YOUR TASK: Copy the data exactly from the line that contains "exists l : list" through the line that contains "is_series (fun n", keeping both end lines and leaving out everything else.

DATA SUPPLIED:
(* Let $(x_n)$ be a nonincreasing sequence of positive reals that is interval-filling and whose cardinal function $f$ satisfies $\mathrm{rng}(f)=\{1,m\}$ for some integer $m\ge3$. Then $x_k\le\frac12 r_k$ for all $k\in\mathbb{N}$.
   Context: For a summable sequence $\mathbf{x}=(x_n)$ of positive reals, $\mathcal{A}(\mathbf{x})=\{\sum_{n\in A}x_n: A\subseteq\mathbb{N}\}$ is its achievement set and its cardinal function $f$ assigns to $x\in\mathcal{A}(\mathbf{x})$ the cardinality (a positive integer, $\omega$, or $\mathfrak{c}$) of $\{(\varepsilon_n)\in\{0,1\}^{\mathbb{N}}:\sum\varepsilon_nx_n=x\}$. The sequence is interval-filling if $\mathcal{A}(\mathbf{x})$ is an interval. The tail sums are $r_n=\sum_{k=n+1}^\infty x_k$. *)

From Stdlib Require Import Reals List.
From Coquelicot Require Import Coquelicot.
Open Scope R_scope.

Definition subseq_term (x : nat -> R) (e : nat -> bool) (n : nat) : R :=
  if e n then x n else 0.

Definition reps (x : nat -> R) (s : R) : (nat -> bool) -> Prop :=
  fun e => is_series (subseq_term x e) s.

Definition achievement (x : nat -> R) (s : R) : Prop :=
  exists e : nat -> bool, reps x s e.

Definition has_card {T : Type} (S : T -> Prop) (n : nat) : Prop :=
  exists l : list T, NoDup l /\ length l = n /\ (forall t, S t <-> In t l).

Definition interval_filling (x : nat -> R) : Prop :=
  forall a b c, achievement x a -> achievement x b -> a <= c <= b ->
    achievement x c.

(* rng(f) = {1, m}, with f the cardinal function *)
Definition card_fun_range_1_m (x : nat -> R) (m : nat) : Prop :=
  (forall s, achievement x s -> has_card (reps x s) 1 \/ has_card (reps x s) m) /\
  (exists s, achievement x s /\ has_card (reps x s) 1) /\
  (exists s, achievement x s /\ has_card (reps x s) m).

Definition tailsum (x : nat -> R) (n : nat) : R :=
  Series (fun j => x (n + 1 + j)%nat).

From Stdlib Require Import Reals List Lra Lia FunctionalExtensionality.
From Coquelicot Require Import Coquelicot.
Open Scope R_scope.

(* Suppose x_k > r_k / 2 and write a = x_k, r = r_k.  A sum below a cannot use x_0, ..., x_k,
   so interval-filling gives [0, a] in A(x) and a <= r.  Let the copies be the j <= k with
   x_j = a.  The representations of a are the singletons of the copies and the tail
   complements (indices > k) of the representations of r - a; since f only takes the values
   1 and m, this forces r - a to have a unique representation and m = #copies + 1.
   A term x_j (j <= k) in (a, r] would then have m + 1 representations.  Otherwise pick u
   just above r and below every x_j > r with j <= k: each representation of u is a copy
   added to a representation of u - a, so u has either #copies = m - 1 or at least m + 1
   representations, both impossible when m >= 3. *)

Lemma is_series_0 : is_series (fun _ : nat => 0) 0.
Proof.
  apply filterlim_ext with (fun _ => 0).
  - intros n. rewrite sum_n_const. simpl. ring.
  - apply filterlim_const.
Qed.

Lemma is_series_delta (j : nat) (c : R) :
  is_series (fun n => if Nat.eqb n j then c else 0) c.
Proof.
  induction j as [|j IH]; apply is_series_decr_1; simpl.
  - match goal with |- is_series _ ?l => replace l with 0 by (change (0 = c + - c); ring) end.
    exact is_series_0.
  - match goal with |- is_series _ ?l => replace l with c by (change (c = c + - 0); ring) end.
    exact IH.
Qed.

Lemma is_series_le (a b : nat -> R) (la lb : R) :
  (forall n, 0 <= a n <= b n) -> is_series a la -> is_series b lb -> la <= lb.
Proof.
  intros Hab Ha Hb.
  rewrite <- (is_series_unique _ _ Ha), <- (is_series_unique _ _ Hb).
  apply Series_le; [exact Hab | exists lb; exact Hb].
Qed.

RESULT OF THIS TASK:
  exists l : list T, NoDup l /\ length l = n /\ (forall t, S t <-> In t l).

Definition interval_filling (x : nat -> R) : Prop :=
  forall a b c, achievement x a -> achievement x b -> a <= c <= b ->
    achievement x c.

(* rng(f) = {1, m}, with f the cardinal function *)
Definition card_fun_range_1_m (x : nat -> R) (m : nat) : Prop :=
  (forall s, achievement x s -> has_card (reps x s) 1 \/ has_card (reps x s) m) /\
  (exists s, achievement x s /\ has_card (reps x s) 1) /\
  (exists s, achievement x s /\ has_card (reps x s) m).

Definition tailsum (x : nat -> R) (n : nat) : R :=
  Series (fun j => x (n + 1 + j)%nat).

From Stdlib Require Import Reals List Lra Lia FunctionalExtensionality.
From Coquelicot Require Import Coquelicot.
Open Scope R_scope.

(* Suppose x_k > r_k / 2 and write a = x_k, r = r_k.  A sum below a cannot use x_0, ..., x_k,
   so interval-filling gives [0, a] in A(x) and a <= r.  Let the copies be the j <= k with
   x_j = a.  The representations of a are the singletons of the copies and the tail
   complements (indices > k) of the representations of r - a; since f only takes the values
   1 and m, this forces r - a to have a unique representation and m = #copies + 1.
   A term x_j (j <= k) in (a, r] would then have m + 1 representations.  Otherwise pick u
   just above r and below every x_j > r with j <= k: each representation of u is a copy
   added to a representation of u - a, so u has either #copies = m - 1 or at least m + 1
   representations, both impossible when m >= 3. *)

Lemma is_series_0 : is_series (fun _ : nat => 0) 0.
Proof.
  apply filterlim_ext with (fun _ => 0).
  - intros n. rewrite sum_n_const. simpl. ring.
  - apply filterlim_const.
Qed.

Lemma is_series_delta (j : nat) (c : R) :
  is_series (fun n => if Nat.eqb n j then c else 0) c.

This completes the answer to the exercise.